● **WHAT YOU WILL DO**
Search the records below for the string "cfoldE" and report only the number of lines that contain it.

[Stored items]
Lemma mu_search0 q k : mu_search q k = 0 <-> forall m, m < k -> 2 <= q m.
Proof.
elim: k => [|k IH] //=; split.
  case: eqP => [/IH Hk|//]; case: eqP => // Hq0; case: eqP => // Hq1 _ m.
  rewrite ltnS leq_eqVlt => /orP[/eqP->|]; last exact: Hk.
  by case: (q k) Hq0 Hq1 => [|[|]].
move=> Hm; have -> /= : mu_search q k = 0 by apply/IH => m Hmk; apply: Hm; lia.
by have := Hm k (ltnSn k); case: (q k) => [|[|]].
Qed.

Lemma mu_search_sound q k n : mu_search q k = n.+2 -> q n = 1 /\ forall m, m < n -> 2 <= q m.
Proof.
elim: k => [|k IH] //=.
case: eqP => [E|NE] /=; last by move=> H; apply: IH; rewrite -H; case: (mu_search q k) NE.
by case: eqP => // _; case: eqP => // H1 [<-]; split => //; apply/mu_search0.
Qed.

Lemma mu_search_complete q k n : (forall m, m < n -> 2 <= q m) -> q n = 1 -> n < k ->
  mu_search q k = n.+2.
Proof.
move=> Hm Hn; elim: k => [|k IH] // Hk /=.
case: (ltngtP n k) => Hnk; [by rewrite IH | lia | subst k].
have -> : mu_search q n = 0 by apply/mu_search0.
by rewrite /= Hn.
Qed.

Lemma clock_sound f : forall t v y, clock f t v = y.+1 -> eval f v y.
Proof.
elim/recf_nested_ind: f.
- by move=> t v y [<-]; constructor.
- by move=> t v y [<-]; constructor.
- by move=> i t v y [<-]; constructor.
- move=> f gs IHf IHgs t v y /=; case: ifP => // Hall H.
  apply: eComp (IHf _ _ _ H).
  elim: gs IHgs Hall {H} => [|g gs IH] IHgs /=; first by constructor.
  move=> /andP[Hg Ha]; constructor.
    by apply: (IHgs g (or_introl erefl) t); rewrite prednK.
  by apply: IH => // g' Hg'; apply: IHgs; right.
- move=> f g IHf IHg t [|n v'] y //=.
  elim: n y => [|n IHn] y /= H; first by constructor; apply: (IHf t).
  move: H; case E: (prim_clock _ _ v' n) => [|r] // H.
  exact: ePrimS (IHn r E) (IHg _ _ _ H).
- move=> f IHf t v y /= H.
  have [Hy Hm] : clock f t (y :: v) = 1 /\ forall m, m < y -> 2 <= clock f t (m :: v).
    apply: (@mu_search_sound _ t).
    by move: H; case: (mu_search _ t) => [|[|]] //= ? [->].
  constructor; first exact: (IHf t).
  move=> m /Hm; case E: (clock f t (m :: v)) => [|[|k]] // _.
  by exists k; apply: (IHf t).
Qed.

Lemma eventually_all n (P : nat -> nat -> Prop) :
  (forall m, m < n -> exists t0, forall t, t0 <= t -> P m t) ->
  exists t0, forall m, m < n -> forall t, t0 <= t -> P m t.
Proof.
elim: n => [|n IH] H; first by exists 0.
have [t1 H1] : exists t0, forall m, m < n -> forall t, t0 <= t -> P m t.
  by apply: IH => m Hm; apply: H; lia.
have [t2 H2] := H n (ltnSn n).
exists (maxn t1 t2) => m; rewrite ltnS leq_eqVlt => /orP[/eqP->|Hm] t Ht.
  by apply: H2; lia.
by apply: H1 => //; lia.
Qed.

Lemma clock_complete f : forall v y, eval f v y ->
  exists t0, forall t, t0 <= t -> clock f t v = y.+1.
Proof.
elim/recf_nested_ind: f.
- by move=> v y H; inversion H; exists 0.
- by move=> v y H; inversion H; exists 0.
- by move=> i v y H; inversion H; exists 0.
- move=> f gs IHf IHgs v y H; inversion H; subst.
  have [t2 Ht2] : exists t0, forall t, t0 <= t ->
      map (fun g => clock g t v) gs = map succn ws.
    elim: gs ws IHgs H2 {H IHf H5} => [|g gs IH] ws IHgs Hs; inversion Hs; subst.
      by exists 0.
    have [ta Ha] := IHgs g (or_introl erefl) _ _ H1.
    have [tb Hb] := IH ws0 (fun g' Hg' => IHgs g' (or_intror Hg')) H4.
    by exists (maxn ta tb) => t Ht /=; rewrite Ha ?Hb //; lia.
  have [t1 Ht1] := IHf _ _ H5.
  exists (maxn t1 t2) => t Ht /=; rewrite Ht2; last by lia.
  have -> : all (fun w => 0 < w) (map succn ws) by rewrite all_map; apply/allP.
  by rewrite -map_comp map_id_in //; apply: Ht1; lia.
- move=> f g IHf IHg [|n v] y H; first by inversion H.
  elim: n y H => [|n IHn] y H; inversion H; subst.
    by have [t1 Ht1] := IHf _ _ H4; exists t1 => t Ht /=; rewrite Ht1.
  have [t1 Ht1] := IHn _ H5.
  have [t2 Ht2] := IHg _ _ H6.
  exists (maxn t1 t2) => t Ht /=.
  by have /= -> := Ht1 t; [apply: Ht2 | ]; lia.
- move=> f IHf v n H; inversion H; subst.
  have [t1 Ht1] := IHf _ _ H1.
  have [t2 Ht2] : exists t0, forall m, m < n -> forall t, t0 <= t -> 2 <= clock f t (m :: v).
    apply: eventually_all => m /H2 [k /IHf [t0 Ht0]].
    by exists t0 => t Ht; rewrite Ht0.
  exists (maxn (maxn t1 t2) n.+1) => t Ht /=.
  rewrite (@mu_search_complete _ _ n) //; last by lia.
    by move=> m Hm; apply: Ht2 => //; lia.
  by apply: Ht1; lia.
Qed.

Lemma evalP_clock f v : (exists y, eval f v y) <-> exists t, clock f t v != 0.
Proof.
split=> [[y /clock_complete [t Ht]] | [t]]; first by exists t; rewrite Ht.
by case E: (clock f t v) => [|y] // _; exists y; apply: clock_sound E.
Qed.

Definition clockv f (tv : seq nat) := clock f (head 0 tv) (behead tv).

Lemma rcomp_all_pred n Gs : rcomp_all n Gs -> rcomp_all n (map (fun G v => (G v).-1) Gs).
Proof. by elim: Gs => //= G Gs IH [H1 H2]; split; [exact: rcomp_pred|exact: IH]. Qed.

Lemma rcomp_allpos n Gs : rcomp_all n Gs ->
  rcomp n (fun v => nat_of_bool (all (fun w => 0 < w) (map (fun G => G v) Gs))).
Proof.
elim: Gs => [|G Gs IH] /=; first by move=> _; apply: rcomp_const.
move=> [HG HGs]; have := rcomp_mul (rcomp_leq (rcomp_const n 1) HG) (IH HGs).
by rcomp_conv => v _; case: (0 < G v); rewrite /= ?mul1n ?mul0n.
Qed.

Lemma rcomp_clock_comp f gs : (forall m, rcomp m.+1 (clockv f)) ->
    (forall g, List.In g gs -> forall m, rcomp m.+1 (clockv g)) ->
  forall m, rcomp m.+1 (clockv (RComp f gs)).
Proof.
move=> IHf IHgs m.
have HGs : rcomp_all m.+1 (map clockv gs).
  elim: gs IHgs {IHf} => //= g gs IH IHgs; split; first exact: IHgs g (or_introl erefl) m.
  by apply: IH => g' Hg'; apply: IHgs; right.
have := @rcomp_compose _ _ _
  ((fun tv => nth 0 tv 0) :: map (fun G v => (G v).-1) (map clockv gs)) (IHf (size gs)).
rewrite /= !size_map => /(_ m.+1 erefl (conj (rcomp_proj _ _) (rcomp_all_pred HGs))) HA.
have := rcomp_if (rcomp_allpos HGs) HA (rcomp_const _ 0).
by rcomp_conv => [[|t v]] _; rewrite /clockv /= -!map_comp.
Qed.

Lemma rcomp_clock_prim f g : (forall m, rcomp m.+1 (clockv f)) ->
    (forall m, rcomp m.+1 (clockv g)) ->
  forall m, rcomp m.+1 (clockv (RPrim f g)).
Proof.
move=> IHf IHg [|m].
  by have := rcomp_const 1 0; rcomp_conv => [[|t [|]]].
have := @rcomp_compose _ m.+2 _ ((fun tv => nth 0 tv 0) :: projs_from 2 m) (IHf m).
rewrite /= size_projs_from => /(_ erefl (conj (rcomp_proj _ _) (rcomp_all_projs_from _ _ _))) HI.
have := @rcomp_compose _ m.+4 _ ((fun w => nth 0 w 2) :: (fun w => nth 0 w 0) ::
    (fun w => (nth 0 w 1).-1) :: projs_from 4 m) (IHg m.+2).
rewrite /= size_projs_from => /(_ erefl (conj (rcomp_proj _ _) (conj (rcomp_proj _ _)
    (conj (rcomp_pred (rcomp_proj _ _)) (rcomp_all_projs_from _ _ _))))) HG.
have := rcomp_loop HI (rcomp_if0 (rcomp_proj _ 1) HG (rcomp_const _ 0)) (rcomp_proj _ 1).
rcomp_conv => [[|t [|n v]]] // [Hv]; rewrite /clockv /=.
have Hsz : size [:: t, n & v] = 2 + m by rewrite /= Hv.
move: {1 3}n; elim=> [|k IH] /=; first by rewrite map_projs_from //= drop0.
by rewrite IH; case: (prim_clock _ _ v k) => [|r] //=; rewrite map_projs_from /= ?drop0 ?Hv.
Qed.

Lemma rcomp_clock_mu f : (forall m, rcomp m.+1 (clockv f)) ->
  forall m, rcomp m.+1 (clockv (RMu f)).
Proof.
move=> IHf m.
have := @rcomp_compose _ m.+3 _ ((fun w => nth 0 w 2) :: (fun w => nth 0 w 0) :: projs_from 3 m)
  (IHf m.+1).
rewrite /= size_projs_from => /(_ erefl (conj (rcomp_proj _ _) (conj (rcomp_proj _ _)
    (rcomp_all_projs_from _ _ _)))) HQ.
have HS := rcomp_if0 (rcomp_proj _ 1) (rcomp_proj _ 1)
  (rcomp_if0 HQ (rcomp_if (rcomp_eqn HQ (rcomp_const _ 1))
                          (rcomp_succ (rcomp_succ (rcomp_proj _ 0))) (rcomp_const _ 0))
             (rcomp_const _ 1)).
have := rcomp_pred (rcomp_loop (rcomp_const _ 0) HS (rcomp_proj _ 0)).
rcomp_conv => [[|t v]] // [Hv]; rewrite /clockv /=; congr predn.
move: {1 4}t; elim=> [|k IH] //=.
rewrite IH map_projs_from /=; last by lia.
by case: (mu_search _ k) => [|st] //=; rewrite drop0.
Qed.

Lemma rcomp_clock f m : rcomp m.+1 (clockv f).
Proof.
elim/recf_nested_ind: f m.
- by move=> m; apply: rcomp_const.
- by move=> m; have := rcomp_succ (rcomp_succ (rcomp_proj m.+1 1)); rcomp_conv => [[|t [|x v]]].
- by move=> i m; have := rcomp_succ (rcomp_proj m.+1 i.+1); rcomp_conv => [[|t v]].
- exact: rcomp_clock_comp.
- exact: rcomp_clock_prim.
- exact: rcomp_clock_mu.
Qed.

Lemma div4_addn x r : r < 4 -> (4 * x + r)./2./2 = x.
Proof. by move=> H; rewrite -!divn2; lia. Qed.

Section CodeFold.
Variables (LV LC : nat -> nat -> nat) (OA OM : nat -> nat -> nat -> nat).

Fixpoint pfold (p : zpoly) prm : nat :=
  match p with
  | PVar i => LV i prm
  | PConst z => LC (code_int z) prm
  | PAdd p q => OA (pfold p prm) (pfold q prm) prm
  | PMul p q => OM (pfold p prm) (pfold q prm) prm
  end.

(* [pfold] computed on codes by course-of-values recursion: [cfold_hist n prm] is the coded
   list [cfold (n-1) prm; ...; cfold 0 prm], and subterm codes are smaller than the code
   of the term. *)
Definition cfold_step (n h prm : nat) : nat :=
  let x := n./2./2 in let r := n - 4 * x in
  let va := lnth h (n.-1 - pfst x) in let vb := lnth h (n.-1 - psnd x) in
  if r == 0 then LV x prm else if r == 1 then LC x prm
  else if r == 2 then OA va vb prm else OM va vb prm.

Fixpoint cfold_hist (n prm : nat) : nat :=
  if n is n'.+1 then lcons (cfold_step n' (cfold_hist n' prm) prm) (cfold_hist n' prm) else 0.

Definition cfold c prm := lhead (cfold_hist c.+1 prm).

Lemma cfold_histE prm n j : j < n -> lnth (cfold_hist n prm) (n.-1 - j) = cfold j prm.
Proof.
elim: n => [|n IH] //; rewrite ltnS leq_eqVlt => /orP[/eqP->|Hj] /=.
  by rewrite subnn lnth_cons /cfold /= lhead_cons.
have -> : n - j = (n.-1 - j).+1 by lia.
by rewrite lnth_cons IH.
Qed.

Lemma cfoldE c prm : cfold c prm = cfold_step c (cfold_hist c prm) prm.
Proof. by rewrite /cfold /= lhead_cons. Qed.

Lemma cfold_step_var i h prm : cfold_step (4 * i) h prm = LV i prm.
Proof. by rewrite /cfold_step -[4 * i]addn0 div4_addn // addn0 subnn. Qed.

Lemma cfold_step_const x h prm : cfold_step (4 * x).+1 h prm = LC x prm.
Proof. by rewrite /cfold_step -addn1 div4_addn // addKn. Qed.

Lemma cfold_step_add p q h prm : let n := code_zpoly (PAdd p q) in
  cfold_step n h prm = OA (lnth h (n.-1 - code_zpoly p)) (lnth h (n.-1 - code_zpoly q)) prm.
Proof.
have -> : code_zpoly (PAdd p q) = 4 * cpair (code_zpoly p) (code_zpoly q) + 2.
  by rewrite addn2.
by rewrite /cfold_step div4_addn // pfst_cpair psnd_cpair addKn.
Qed.

Lemma cfold_step_mul p q h prm : let n := code_zpoly (PMul p q) in
  cfold_step n h prm = OM (lnth h (n.-1 - code_zpoly p)) (lnth h (n.-1 - code_zpoly q)) prm.
Proof.
have -> : code_zpoly (PMul p q) = 4 * cpair (code_zpoly p) (code_zpoly q) + 3.
  by rewrite addn3.
by rewrite /cfold_step div4_addn // pfst_cpair psnd_cpair addKn.
Qed.

Lemma cfold_code p prm : cfold (code_zpoly p) prm = pfold p prm.
Proof.
elim: p => [i|z|p IHp q IHq|p IHp q IHq]; rewrite cfoldE.
- exact: cfold_step_var.
- exact: cfold_step_const.
all: rewrite ?cfold_step_add ?cfold_step_mul.
all: have := leq_cpairl (code_zpoly p) (code_zpoly q).
all: have := leq_cpairr (code_zpoly p) (code_zpoly q).
all: by move=> *; rewrite !cfold_histE ?IHp ?IHq //=; lia.
Qed.

Hypothesis rcomp_LV : forall n F G, rcomp n F -> rcomp n G -> rcomp n (fun v => LV (F v) (G v)).
Hypothesis rcomp_LC : forall n F G, rcomp n F -> rcomp n G -> rcomp n (fun v => LC (F v) (G v)).
Hypothesis rcomp_OA : forall n F G H, rcomp n F -> rcomp n G -> rcomp n H ->
  rcomp n (fun v => OA (F v) (G v) (H v)).
Hypothesis rcomp_OM : forall n F G H, rcomp n F -> rcomp n G -> rcomp n H ->
  rcomp n (fun v => OM (F v) (G v) (H v)).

● **TASK RESULT**
2